Print the data that follows exactly as it stands, from its first line through the line containing "assert (HeX : 0 < e * X) by nra.", and stop there.

-------- DATA RECORDS

Lemma quartic_le_pow2 n : (4 <= n)%nat ->
  INR n * (INR n - 3) * (INR n - 2) * (INR n + 1) <= 12 * 2 ^ n.
Proof.
  intro Hn.
  assert (Hind : forall m, let x := INR (m + 7) in
            x * (x - 3) * (x - 2) * (x + 1) <= 12 * 2 ^ (m + 7)).
  { induction m as [|m IH]; cbv zeta in *; [simpl; lra|].
    replace (S m + 7)%nat with (S (m + 7)) by lia.
    rewrite S_INR. simpl pow.
    set (x := INR (m + 7)) in *.
    assert (7 <= x) by (unfold x; rewrite plus_INR; simpl; pose proof (pos_INR m); lra).
    assert (0 <= (x + 1) * (x - 2) * (x * x - 7 * x + 2)) by (apply Rmult_le_pos; nra).
    nra. }
  destruct (Nat.le_gt_cases 7 n) as [H7|H7].
  - replace n with ((n - 7) + 7)%nat by lia. apply Hind.
  - assert (n = 4 \/ n = 5 \/ n = 6)%nat as [E|[E|E]] by lia; subst n; simpl; lra.
Qed.

Lemma edge_const_arith N P X e : 4 <= N -> 0 < X -> X <= (N - 2) / 2 -> 0 < e <= 3 -> 0 < P ->
  N * (N - 3) * (N - 2) * (N + 1) <= 6 * P ->
  1 + N + / (e * X) * (P / (N + 1) + 6 * P / ((N + 1) * (N + 2)))
    <= P / (e * N * X) * (1 + 15 / (N - 3)).
Proof.
  intros HN HX HX2 He HP Hpoly.
  assert (HD : 0 < N * (N - 3)) by nra.
  assert (HeX : 0 < e * X) by nra.
  (* 15/(N-3) = 6/(N-3) + 9/(N-3): the first part absorbs the binomial tail, the second 1 + N *)
  assert (Htail : P / (N + 1) + 6 * P / ((N + 1) * (N + 2)) + 9 * P / (N * (N - 3))
                  <= P / N * (1 + 15 / (N - 3))).
  { assert (P / (N + 1) <= P / N)
      by (apply Rmult_le_compat_l; [lra | apply Rinv_le_contravar; lra]).
    assert (6 * P / ((N + 1) * (N + 2)) <= 6 * P / (N * (N - 3)))
      by (apply Rmult_le_compat_l; [lra | apply Rinv_le_contravar; nra]).
    replace (P / N * (1 + 15 / (N - 3)))
      with (P / N + 6 * P / (N * (N - 3)) + 9 * P / (N * (N - 3))) by (field; lra).
    lra. }
  assert (Hhead : (1 + N) * (e * X) <= 9 * P / (N * (N - 3))).
  { apply Rle_trans with ((1 + N) * (3 * ((N - 2) / 2))).
    - apply Rmult_le_compat_l; [lra|]. apply Rmult_le_compat; lra.
    - apply Rmult_le_reg_r with (N * (N - 3)); [lra|].
      replace (9 * P / (N * (N - 3)) * (N * (N - 3))) with (9 * P) by (field; lra).
      nra. }
  replace (P / (e * N * X) * (1 + 15 / (N - 3)))
    with (/ (e * X) * (P / N * (1 + 15 / (N - 3)))) by (field; repeat split; lra).
  replace (1 + N) with (/ (e * X) * ((1 + N) * (e * X))) by (field; lra).
  rewrite <- Rmult_plus_distr_l.
  apply Rmult_le_compat_l; [left; apply Rinv_0_lt_compat; lra | lra].
Qed.

Lemma edge_const_ge n : (4 <= n)%nat ->
  1 + INR n + / (exp 1 * (ln (INR n) - ln 2)) *
    (2 ^ (n + 1) / (INR n + 1) + 6 * 2 ^ (n + 1) / ((INR n + 1) * (INR n + 2)))
  <= edge_const n.
Proof.
  intro Hn. unfold edge_const.
  assert (HN : 4 <= INR n) by (replace 4 with (INR 4) by (simpl; ring); apply le_INR; lia).
  assert (Hlog : ln (INR n) - ln 2 = ln (INR n / 2))
    by (unfold Rdiv; rewrite ln_mult, ln_Rinv; lra).
  apply edge_const_arith; try lra.
  - pose proof (ln_increasing 2 (INR n)). lra.
  - rewrite Hlog. pose proof (exp_ineq1_le (ln (INR n / 2))) as Hexp.
    rewrite exp_ln in Hexp by lra. lra.
  - split; [apply exp_pos | apply exp_le_3].
  - apply pow_lt. lra.
  - pose proof (quartic_le_pow2 n Hn). rewrite pow_add. simpl pow. lra.
Qed.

----------------

§ **COMPLETED EXERCISE**:
Lemma quartic_le_pow2 n : (4 <= n)%nat ->
  INR n * (INR n - 3) * (INR n - 2) * (INR n + 1) <= 12 * 2 ^ n.
Proof.
  intro Hn.
  assert (Hind : forall m, let x := INR (m + 7) in
            x * (x - 3) * (x - 2) * (x + 1) <= 12 * 2 ^ (m + 7)).
  { induction m as [|m IH]; cbv zeta in *; [simpl; lra|].
    replace (S m + 7)%nat with (S (m + 7)) by lia.
    rewrite S_INR. simpl pow.
    set (x := INR (m + 7)) in *.
    assert (7 <= x) by (unfold x; rewrite plus_INR; simpl; pose proof (pos_INR m); lra).
    assert (0 <= (x + 1) * (x - 2) * (x * x - 7 * x + 2)) by (apply Rmult_le_pos; nra).
    nra. }
  destruct (Nat.le_gt_cases 7 n) as [H7|H7].
  - replace n with ((n - 7) + 7)%nat by lia. apply Hind.
  - assert (n = 4 \/ n = 5 \/ n = 6)%nat as [E|[E|E]] by lia; subst n; simpl; lra.
Qed.

Lemma edge_const_arith N P X e : 4 <= N -> 0 < X -> X <= (N - 2) / 2 -> 0 < e <= 3 -> 0 < P ->
  N * (N - 3) * (N - 2) * (N + 1) <= 6 * P ->
  1 + N + / (e * X) * (P / (N + 1) + 6 * P / ((N + 1) * (N + 2)))
    <= P / (e * N * X) * (1 + 15 / (N - 3)).
Proof.
  intros HN HX HX2 He HP Hpoly.
  assert (HD : 0 < N * (N - 3)) by nra.
  assert (HeX : 0 < e * X) by nra.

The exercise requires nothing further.